Vergangene Woche verkündete das Bundesverfassungsgericht sein Urteil in punkto Vorratsdatenspeicherung: Sie verletze das Grundrecht auf Schutz des Telekommunikationsgeheimnisses, so Richter Hans-Jürger Papier. Ein deutliches Stoppschild also für den Überwachungseifer unserer Regierung. Und dass die “Ohrfeige” wohl schmerzte, zeigt stellvertretend die Reaktion des Innenexperten der CDU, Wolfgang Bosbach, der nach der Aufzeichnung der ZDF-Talkshow “Michael Lanz” den Vorsitzenden der Bürgerrechtsorganisation FOEBUD e. V. hinter den Kulissen als “Flachpfeife” beschimpft haben soll, wie der Verein am 4. März via Newsletter berichtete.
Die Mehrzahl der Deutschen jedenfalls dürfte erleichtert sein. Gegen das Gesetz hatten rund 35.000 Menschen Beschwerde eingelegt, so etwas gab es nie zuvor. Es belegt: Der Bürger will nicht gläsern werden.
Die Telekommunikationsfirmen schienen von dem Urteil eher überrascht. Dennoch begannen sie sogleich mit dem Löschen der Vorratsdaten, allen voran die Telekom und Vodafone. Die Kosten für den ganzen Aufwand werden sie sich wohl vom Staat erstatten lassen. Einerseits verständlich, denn dieser hatte sie ja mit seiner Gesetzesvorlage zum Aufbau der aufwändigen Speicherarchitektur genötigt. Andererseits sehe ich nicht ein, warum der Steuerzahler für etwas aufkommen soll, das er mehrheitlich nicht haben wollte. Wäre es hier nicht einmal angebracht, unsere übereifrigen und sicherheitsfanatischen Politiker zur Kasse zu bitten?
Wie dem auch sei: So mancher Beobachter spricht bei dem Urteil der deutschen Verfassungsrichter von einem Pyrrhussieg. Denn die Vorlage zur Vorratsdatenspeicherung kommt aus Brüssel: Die EU fordert die Mitgliedsstaaten auf, die Telekommunikationsdaten der Bürger zu sammeln und für ein Jahr aufzubewahren (ein erstaunlich kritischer Sendebeitrag im ZDF stellte dies verständlich heraus). Kein Wunder also, dass aus den Reihen der regierenden Parteien schon vehement Forderungen laut werden, neue Wege zu begehen, die Daten zu “sichern”. Der Arbeitskreis Vorratsdatenspeicherung, ein bundesweiter Zusammenschluss von Bürgerrechtlern, Datenschützern und Internetnutzern, hat daher eine Kampagne gegen die Wiedereinführung der Vorratsdatenspeicherung gestartet.

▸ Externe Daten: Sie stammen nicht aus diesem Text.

(* Chains of steps of length e/2 give the bound when r < e/4; otherwise the
   diameter bound D <= (4r/e) D already suffices. *)
Lemma distortion_le_of_trunc_distortion {X Y : Type} (dX : X -> X -> R) (dY : Y -> Y -> R)
  (Rel : X -> Y -> Prop) (e D r : R) :
  0 < e -> 0 < D -> 0 <= r ->
  is_metric dX -> is_metric dY -> length_space dX -> length_space dY ->
  Rbar_le (diam dX) (Finite D) -> Rbar_le (diam dY) (Finite D) ->
  correspondence Rel -> distortion_le (trunc e dX) (trunc e dY) Rel (2 * r) ->
  distortion_le dX dY Rel (2 * ((2 * D / e + 1) * r)).
Proof.
  intros He HD Hr HX HY HLX HLY HdX HdY [Hl Hr'] Htrunc x y x' y' H1 H2.
  pose proof (dist_le_diam dX D x x' HdX). pose proof (dist_le_diam dY D y y' HdY).
  pose proof (proj1 HX x x'). pose proof (proj1 HY y y').
  replace (2 * ((2 * D / e + 1) * r)) with (4 * r / e * D + 2 * r) by (field; lra).
  destruct (Rlt_dec r (e / 4)) as [Hsmall|Hlarge].
  - destruct (exists_nat_mul_gt D (e / 2)) as [n [Hn1 Hn2]]; [lra|lra|].
    replace (D / (e / 2)) with (2 * D / e) in Hn2 by (field; lra).
    pose proof (chain_dist_le _ _ dX dY Rel e r Htrunc HX HY HLX Hl (e / 2)
                  Hr ltac:(lra) ltac:(lra) n x y x' y' H1 H2 ltac:(lra)).
    pose proof (chain_dist_le _ _ dY dX (fun b a => Rel a b) e r
                  (distortion_le_transpose _ _ _ _ Htrunc) HY HX HLY Hr' (e / 2)
                  Hr ltac:(lra) ltac:(lra) n y x y' x' H1 H2 ltac:(lra)).
    assert (INR n * r <= (2 * D / e + 1) * r) by (apply Rmult_le_compat_r; lra).
    replace (4 * r / e * D) with (2 * (2 * D / e * r)) by (field; lra).
    apply Rabs_le. lra.
  - assert (1 <= 4 * r / e).
    { apply Rmult_le_reg_r with e; [lra|]. field_simplify; lra. }
    assert (D <= 4 * r / e * D) by nra.
    apply Rabs_le. lra.
Qed.
(* Let $S_A>0$, $c_{\mathrm{TX}}>0$, $\phi>0$, $\theta=\phi/c_{\mathrm{TX}}$, $B\geq1$ an integer, and $0<\lambda<\lambda_{\mathrm{th}}=\left(\sqrt{1+1/S_A}+\sqrt{\theta}\right)^{-2}$. Let $$v_{\mathrm{th}}(\lambda,0)=\sqrt{\lambda\theta}+\frac{\lambda}{2}+\sqrt{\lambda}\sqrt{\sqrt{\lambda\theta}+\frac{\lambda}{4}+\frac{1}{S_A}}.$$ For $V_k\in(0,1]$, $\zeta\geq0$, $S_M\geq0$, let $\rho(\zeta)=\zeta e^{-\zeta}$, $\mathcal B_B(r;\rho)=\binom{B}{r}\rho^r(1-\rho)^{B-r}$, $\hat\nu(V,\Lambda)=V/(1+V\Lambda)$, and $$f(\zeta,S_M,V_k)=\sum_{r=0}^B\mathcal B_B(r;\rho(\zeta))\,\hat\nu\left(V_k,\frac{rS_AS_M}{S_A+S_M}\right)+\lambda\zeta B(1+\theta S_M).$$ The myopic policy $(\zeta^{(MP)}(V_k),S_M^{(MP)}(V_k))$ is a minimizer of $f(\cdot,\cdot,V_k)$ over $\zeta\geq0$, $S_M\geq0$ (with the convention $S_M=0$ when $\zeta=0$). Then: (i) if $V_k\leq v_{\mathrm{th}}(\lambda,0)$, then $(\zeta^{(MP)}(V_k),S_M^{(MP)}(V_k))=(0,0)$; (ii) otherwise, $(\zeta,S_M)=(\zeta^{(MP)}(V_k),S_M^{(MP)}(V_k))$ satisfies $\zeta\in(0,1)$, $S_M>0$, and simultaneously solves $h(S_M,\zeta,V_k)=0$ and $g(S_M,\zeta,V_k)=0$, where, with $R\sim\mathcal B_B(\cdot;\rho(\zeta))$, $$h(S_M,\zeta,V_k)=-\mathbb E\left[\hat\nu\left(V_k,\frac{RS_AS_M}{S_A+S_M}\right)^2\frac{RS_A^2}{(S_A+S_M)^2}\right]+\lambda\zeta B\theta,$$ $$g(S_M,\zeta,V_k)=\mathbb E\left[\hat\nu\left(V_k,\frac{RS_AS_M}{S_A+S_M}\right)\frac{R-\rho(\zeta)B}{\rho(\zeta)(1-\rho(\zeta))}\right]+\lambda B\frac{e^{\zeta}}{1-\zeta}(1+\theta S_M).$$ Moreover, $$0<\zeta^{(MP)}(V_k)<\min\left\{1,2\ln\left(\frac{V_k}{\sqrt{\lambda\theta}}\right)\right\}$$ and $S_{M,\mathrm{th}}^{\min}\leq S_M^{(MP)}(V_k)\leq S_{M,\mathrm{th}}^{\max}$, where $$S_{M,\mathrm{th}}^{\min}=\frac{-\lambda\theta S_A-\lambda(1+V_kS_A)+V_k^2S_A-\sqrt{[(\lambda\theta+V_k^2)S_A-\lambda(1+V_kS_A)]^2-4\lambda\theta V_k^2S_A^2}}{2\lambda\theta(1+V_kS_A)},$$ $$S_{M,\mathrm{th}}^{\max}=\min\left\{\frac{-\lambda\theta S_A-\lambda(1+V_kS_A)+V_k^2S_A}{2\lambda\theta(1+V_kS_A)}+\frac{\sqrt{[(\lambda\theta+V_k^2)-\lambda(1/S_A+V_k)]^2-4\lambda\theta V_k^2}}{2\lambda\theta(1/S_A+V_k)},\ S_A\left(\frac{V_k}{\sqrt{\lambda\theta}}-1\right)\right\}.$$
   Context: Decentralized sensing scheme in the large-network limit: $V_k$ is the fusion center's prior variance; each of infinitely many sensors activates with a probability such that the normalized activation probability per channel is $\zeta$, chooses one of $B$ channels uniformly (collision channel), and, if active, measures with local measurement SNR $S_M$ and ambient SNR $S_A$; the number $R$ of successful transmissions is Binomial with $B$ trials and success probability $\rho(\zeta)=\zeta e^{-\zeta}$, and the aggregate SNR is $RS_AS_M/(S_A+S_M)$. The cost term $\lambda\zeta B(1+\theta S_M)$ is the normalized expected sensing-transmission cost weighted by the Lagrange multiplier $\lambda$. *)

From Stdlib Require Import Reals.
Open Scope R_scope.

Definition rho (z : R) : R := z * exp (- z).

Definition binom_pmf (B r : nat) (p : R) : R :=
  C B r * p ^ r * (1 - p) ^ (B - r).

Definition binom_E (B : nat) (p : R) (F : nat -> R) : R :=
  sum_f_R0 (fun r => binom_pmf B r p * F r) B.

Definition nu_hat (V L : R) : R := V / (1 + V * L).

Definition aggSNR (SA SM : R) (r : nat) : R := INR r * SA * SM / (SA + SM).

Definition f_obj (lam theta SA : R) (B : nat) (z SM V : R) : R :=
  binom_E B (rho z) (fun r => nu_hat V (aggSNR SA SM r))
  + lam * z * INR B * (1 + theta * SM).

Definition h_fun (lam theta SA : R) (B : nat) (SM z V : R) : R :=
  - binom_E B (rho z)
      (fun r => (nu_hat V (aggSNR SA SM r)) ^ 2 * (INR r * SA ^ 2 / (SA + SM) ^ 2))
  + lam * z * INR B * theta.

Definition g_fun (lam theta SA : R) (B : nat) (SM z V : R) : R :=
  binom_E B (rho z)
      (fun r => nu_hat V (aggSNR SA SM r) *
                ((INR r - rho z * INR B) / (rho z * (1 - rho z))))
  + lam * INR B * (exp z / (1 - z)) * (1 + theta * SM).

Definition lam_th (theta SA : R) : R :=
  / (sqrt (1 + 1 / SA) + sqrt theta) ^ 2.

Definition v_th (lam theta SA : R) : R :=
  sqrt (lam * theta) + lam / 2
  + sqrt lam * sqrt (sqrt (lam * theta) + lam / 4 + 1 / SA).

Definition SM_th_min (lam theta SA V : R) : R :=
  (- lam * theta * SA - lam * (1 + V * SA) + V ^ 2 * SA
   - sqrt (((lam * theta + V ^ 2) * SA - lam * (1 + V * SA)) ^ 2
           - 4 * lam * theta * V ^ 2 * SA ^ 2))
  / (2 * lam * theta * (1 + V * SA)).

Definition SM_th_max (lam theta SA V : R) : R :=
  Rmin
    ((- lam * theta * SA - lam * (1 + V * SA) + V ^ 2 * SA)
       / (2 * lam * theta * (1 + V * SA))
     + sqrt (((lam * theta + V ^ 2) - lam * (1 / SA + V)) ^ 2
             - 4 * lam * theta * V ^ 2)
       / (2 * lam * theta * (1 / SA + V)))
    (SA * (V / sqrt (lam * theta) - 1)).

Definition is_myopic (lam theta SA : R) (B : nat) (V z SM : R) : Prop :=
  0 <= z /\ 0 <= SM /\ (z = 0 -> SM = 0) /\
  forall z' SM', 0 <= z' -> 0 <= SM' ->
    f_obj lam theta SA B z SM V <= f_obj lam theta SA B z' SM' V.

From Stdlib Require Import Reals Lra Psatz.
From Coquelicot Require Import Coquelicot.
Open Scope R_scope.

(* Since r |-> nu_hat V (r L) is convex, its chord through r = 0 and r = 1 gives
   f (z, S) >= V + B z (lam (1 + theta S) - exp (- z) A(S)), where A(S) is the
   variance drop caused by a single success, while f (0, S) = V.  Clearing
   denominators, lam (1 + theta S) - A(S) has the sign of the quadratic
   Q(S) = lam SA (sqrt theta w S - 1)^2 + S SA (lam (sqrt theta + w)^2 - V^2)
   with w = sqrt (1/SA + V), and V <= v_th exactly when lam (sqrt theta + w)^2 >= V^2.
   Below the threshold Q >= 0, so every z > 0 costs more than staying idle.  Above
   it Q < 0 at S = 1 / (sqrt theta w), so d f / d z (0, S) < 0 and idling is not
   optimal; the minimizer therefore has z > 0 and lam (1 + theta S) < exp (- z) A(S),
   which yields Q(S) < 0 (hence the bounds on S) and the bound on z.  Moreover z < 1:
   for z > 1 the value rho z is already taken on [0, 1) at lower cost, and at z = 1
   the z-derivative of f reduces to the positive cost rate.  Finally h = g = 0 are
   the first-order conditions at the interior minimizer. *)

Lemma is_derive_sum_f_R0 (F : nat -> R -> R) (F' : nat -> R) n x :
  (forall i, (i <= n)%nat -> is_derive (F i) x (F' i)) ->
  is_derive (fun y => sum_f_R0 (fun i => F i y) n) x (sum_f_R0 F' n).
Proof.
  induction n as [|n IH]; intros HF; simpl.
  - apply HF; lia.
  - apply (is_derive_plus (fun y => sum_f_R0 (fun i => F i y) n) (F (S n))).
    + apply IH; intros; apply HF; lia.
    + apply HF; lia.
Qed.

Lemma binom_pmf_ge0 B r p : 0 <= p <= 1 -> 0 <= binom_pmf B r p.
Proof.
  intros Hp; unfold binom_pmf, Binomial.C.
  assert (0 < INR (Factorial.fact B)
              / (INR (Factorial.fact r) * INR (Factorial.fact (B - r)))).
  { apply Rdiv_lt_0_compat; [|apply Rmult_lt_0_compat]; apply INR_fact_lt_0. }
  apply Rmult_le_pos; [apply Rmult_le_pos|]; try apply pow_le; lra.
Qed.

Lemma binom_pmf_sum B p : sum_f_R0 (fun r => binom_pmf B r p) B = 1.
Proof.
  unfold binom_pmf; rewrite <- binomial.
  replace (p + (1 - p)) with 1 by ring; apply pow1.
Qed.

(* Differentiate the binomial formula for (x + (1 - p))^B at x = p. *)
Lemma binom_pmf_mean B p :
  sum_f_R0 (fun r => binom_pmf B r p * INR r) B = INR B * p.
Proof.
  set (q := 1 - p).
  assert (Hlhs : is_derive (fun x => (x + q) ^ B) p (INR B * (p + q) ^ Nat.pred B)).
  { auto_derive; auto; ring. }
  assert (Hrhs : is_derive
      (fun x => sum_f_R0 (fun i => Binomial.C B i * x ^ i * q ^ (B - i)) B) p
      (sum_f_R0 (fun i => Binomial.C B i * (INR i * p ^ Nat.pred i) * q ^ (B - i)) B)).
  { apply (is_derive_sum_f_R0 (fun i x => Binomial.C B i * x ^ i * q ^ (B - i))).
    intros i _; auto_derive; auto; ring. }
  apply (is_derive_ext _ _ _ _ (fun x => binomial x q B)) in Hlhs.
  pose proof (is_derive_unique _ _ _ Hlhs) as E1.
  pose proof (is_derive_unique _ _ _ Hrhs) as E2.
  rewrite E1 in E2; unfold q in E2.
  replace (p + (1 - p)) with 1 in E2 by ring; rewrite pow1, Rmult_1_r in E2.
  rewrite E2, Rmult_comm, scal_sum.
  apply sum_eq; intros [|i] _; unfold binom_pmf, q; simpl; ring.
Qed.

Lemma binom_E_ext B p F G :
  (forall r, F r = G r) -> binom_E B p F = binom_E B p G.
Proof. intros FG; unfold binom_E; apply sum_eq; intros r _; rewrite FG; ring. Qed.

Lemma binom_E_le B p F G : 0 <= p <= 1 ->
  (forall r, F r <= G r) -> binom_E B p F <= binom_E B p G.
Proof.
  intros Hp FG; unfold binom_E; apply sum_Rle; intros r _.
  apply Rmult_le_compat_l; [apply binom_pmf_ge0 | apply FG]; auto.
Qed.

Lemma binom_E_affine B p a b :
  binom_E B p (fun r => a + b * INR r) = a + b * (INR B * p).
Proof.
  unfold binom_E.
  rewrite (sum_eq _ (fun r => binom_pmf B r p * a + binom_pmf B r p * INR r * b))
    by (intros; ring).
  rewrite plus_sum, <- !scal_sum, binom_pmf_sum, binom_pmf_mean; ring.
Qed.

Lemma binom_E_at_0 B F : binom_E B 0 F = F 0%nat.
Proof.
  unfold binom_E.
  enough (Hn : forall n, sum_f_R0 (fun r => binom_pmf B r 0 * F r) n = F 0%nat) by apply Hn.
  induction n as [|n IH]; simpl; unfold binom_pmf in *.
  - rewrite C_n_0, Rminus_0_r, pow1; simpl; ring.
  - rewrite IH; simpl; ring.
Qed.

Definition binom_dE (B : nat) (p : R) (F : nat -> R) : R :=
  sum_f_R0 (fun r => Binomial.C B r *
    (INR r * p ^ Nat.pred r * (1 - p) ^ (B - r)
     - p ^ r * (INR (B - r) * (1 - p) ^ Nat.pred (B - r))) * F r) B.

Lemma is_derive_binom_E B p F : is_derive (fun p => binom_E B p F) p (binom_dE B p F).
Proof.
  unfold binom_E, binom_dE, binom_pmf.
  apply (is_derive_sum_f_R0 (fun r p => Binomial.C B r * p ^ r * (1 - p) ^ (B - r) * F r)).
  intros i _; auto_derive; auto.
  replace (1 + - p) with (1 - p) by ring; ring.
Qed.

Überdies wissen wir ohnehin nicht, ob heimlich weitergespeichert und aufgezeichnet wird. Und nicht nur der Staat, auch Google & Co. betreiben im Grunde Vorratsdatenspeicherung.
Vorratsdatenspeicherung ist in unseren schönen neuen Welt der Überwachung längst nicht mehr der einzige tiefe Einschnitt in die Bewegungsfreiheit der Bürger: Videoüberwachung, “der große Lauschangriff”, biometrische Datenerfassung, ELENA usw. usf. – die Datensammelwut scheint kein Ende zu nehmen. SPIEGEL ONLINE hat eine überaus sehenswerte Animation auf ihre Webseite gestellt, auf die Sie unbedingt einen Blick werfen sollten. Sie zeigt erschreckenderweise, wann, wo und wie wir im Tagesablauf eindeutige Spuren hinterlassen.
Unbestätigten Aussagen zufolge könnten inzwischen sogar mit RFID-Chips bestückte Euro-Scheine in Umlauf gebracht worden sein. Vor dem Hintergrund eines möglichen Bankenruns (die Citigroup scheint entsprechende Schutzvorkehrungen bereits zu treffen) ein Szenario, das durchaus lohnt, einmal durchdacht zu werden. Schon 2003 hatten Medien über dieses Vorhaben berichtet. Falls die Annahme zuträfe, könnte dies den Behörden auch die personenbezogene Bargeldkontrolle erheblich erleichtern …
Und so lautet wohl die Frage der Fragen: Wie werden wir unsere Gesellschaft und uns selbst vor der Übermacht eines überall lauernden “Big Brother” nachhaltig schützen können?